How does our operator list look? This should be our original operator, so if you want a quick way to figure that out, this is a good source.
operator <- my_data %>% select(OperatorName, API) %>% distinct() %>% group_by(OperatorName) %>% count() %>% arrange(desc(n))
Figure 5: Frac Focus North Dakota/Montana Operator Well Count
Seems to be farily respresentative coverage of the group.
While we don’t have reservoir names, we can figure out some of them by using text searching. Historically, many Three Forks well names have the string “TF” in them, so I will search for these locations. I can locate these wells, and then create a contour map of vertical depth.
tst1 <- my_data %>% filter(grepl('TF', WellName)) %>% filter(!is.na(TVD)) %>% select(API,TVD, Latitude, Longitude) %>% distinct()
This results in roughly 1500 wells, which is sufficient enough for mapping purposes.
Figure 6: Three Forks TVD from Frac Focus
The main things I want to grab from this data is total frac fluid used, proppant, and then see if I can split the proppant into different subcomponents. This data is quite extensive and you can spend forever getting as granular as you like (20/40, Ottawa, etc.), but I will just be showing a few things you can do.
To get the water used, you just need the TotalWaterBaseVolume. However, in the broader scheme, I care about four columns, TotalWaterBaseVolume, Purpose, IngredientName, and PercentHFJob. With these I can calculate total proppant.

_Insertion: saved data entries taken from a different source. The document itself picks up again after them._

(* Let the unperturbed dynamics (rates $W$) on the finite set $K$ be irreducible with unique stationary distribution $\rho$. For functions $V,M:K\to\mathbb{R}$, constants $a,b\in\mathbb{R}$ and small $h\in\mathbb{R}$, let $\rho^V=\rho^V_{h}$ be the unique stationary distribution of the dynamics with rates $W(x,y)e^{h(bV(y)-aV(x))}$, and let $\rho^M$ be the unique stationary distribution of the dynamics with rates $W(x,y)e^{h(aM(y)-bM(x))}$ (roles of $a$ and $b$ interchanged). Define \[ \chi^{ab}_{MV}=\frac{d}{dh}\Big|_{h=0}\sum_x\rho^V(x)\,LM(x),\qquad \chi^{ba}_{VM}=\frac{d}{dh}\Big|_{h=0}\sum_x\rho^M(x)\,LV(x). \] Then \[ \chi^{ab}_{MV}=\chi^{ba}_{VM}=b\,\langle M\,LV\rangle_\rho+a\,\langle V\,LM\rangle_\rho, \] where $\langle F\rangle_\rho=\sum_x\rho(x)F(x)$.
   Context: $W(x,y)\ge0$ ($x\ne y\in K$) are transition rates on a finite set $K$ and $Lf(x)=\sum_yW(x,y)[f(y)-f(x)]$ is the backward generator of the unperturbed dynamics. *)

From Stdlib Require Export Reals Relation_Operators.
From mathcomp Require Export all_boot.
Set Implicit Arguments. Unset Strict Implicit. Unset Printing Implicit Defensive.
Open Scope R_scope.

Definition sumK (K : finType) (f : K -> R) : R := \big[Rplus/0]_(x : K) f x.

Definition gen (K : finType) (W : K -> K -> R) (f : K -> R) (x : K) : R :=
  \big[Rplus/0]_(y in predC1 x) (W x y * (f y - f x)).

Definition rates (K : finType) (W : K -> K -> R) : Prop :=
  forall x y : K, x <> y -> 0 <= W x y.

Definition irreducible (K : finType) (W : K -> K -> R) : Prop :=
  forall x y : K, clos_refl_trans K (fun u v => u <> v /\ 0 < W u v) x y.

water <- my_data %>% filter(grepl('BASE', toupper(Purpose))| grepl('CARRIER', toupper(Purpose))| toupper(Purpose) == 'WATER') %>% filter(nchar(Purpose) <= 100) %>% filter(!grepl('Oil', Purpose)) %>% group_by(API) %>% filter(PercentHFJob == max(PercentHFJob)) %>% ungroup() %>% filter(PercentHFJob >= 70)%>% filter(PercentHFJob < 100) water2 <- my_data %>% filter(!API %in% water$API) %>% filter(grepl('WATER', toupper(IngredientName))) %>% group_by(API) %>% filter(PercentHFJob == max(PercentHFJob)) %>% ungroup() %>% filter(PercentHFJob >= 70)%>% filter(PercentHFJob < 100) water <- water %>% rbind(water2)
What you need to do is look for Base or Carrier fluid, as this usually corresponds to to the TotalWaterBaseVolume column. I then remove one of the results, and then filter so that I find the value with the highest possible PercentHFJob. I then want to eliminate low values too. This leaves me with a sample set of around 8722 wells, which is somewhere around 75% of the well sample.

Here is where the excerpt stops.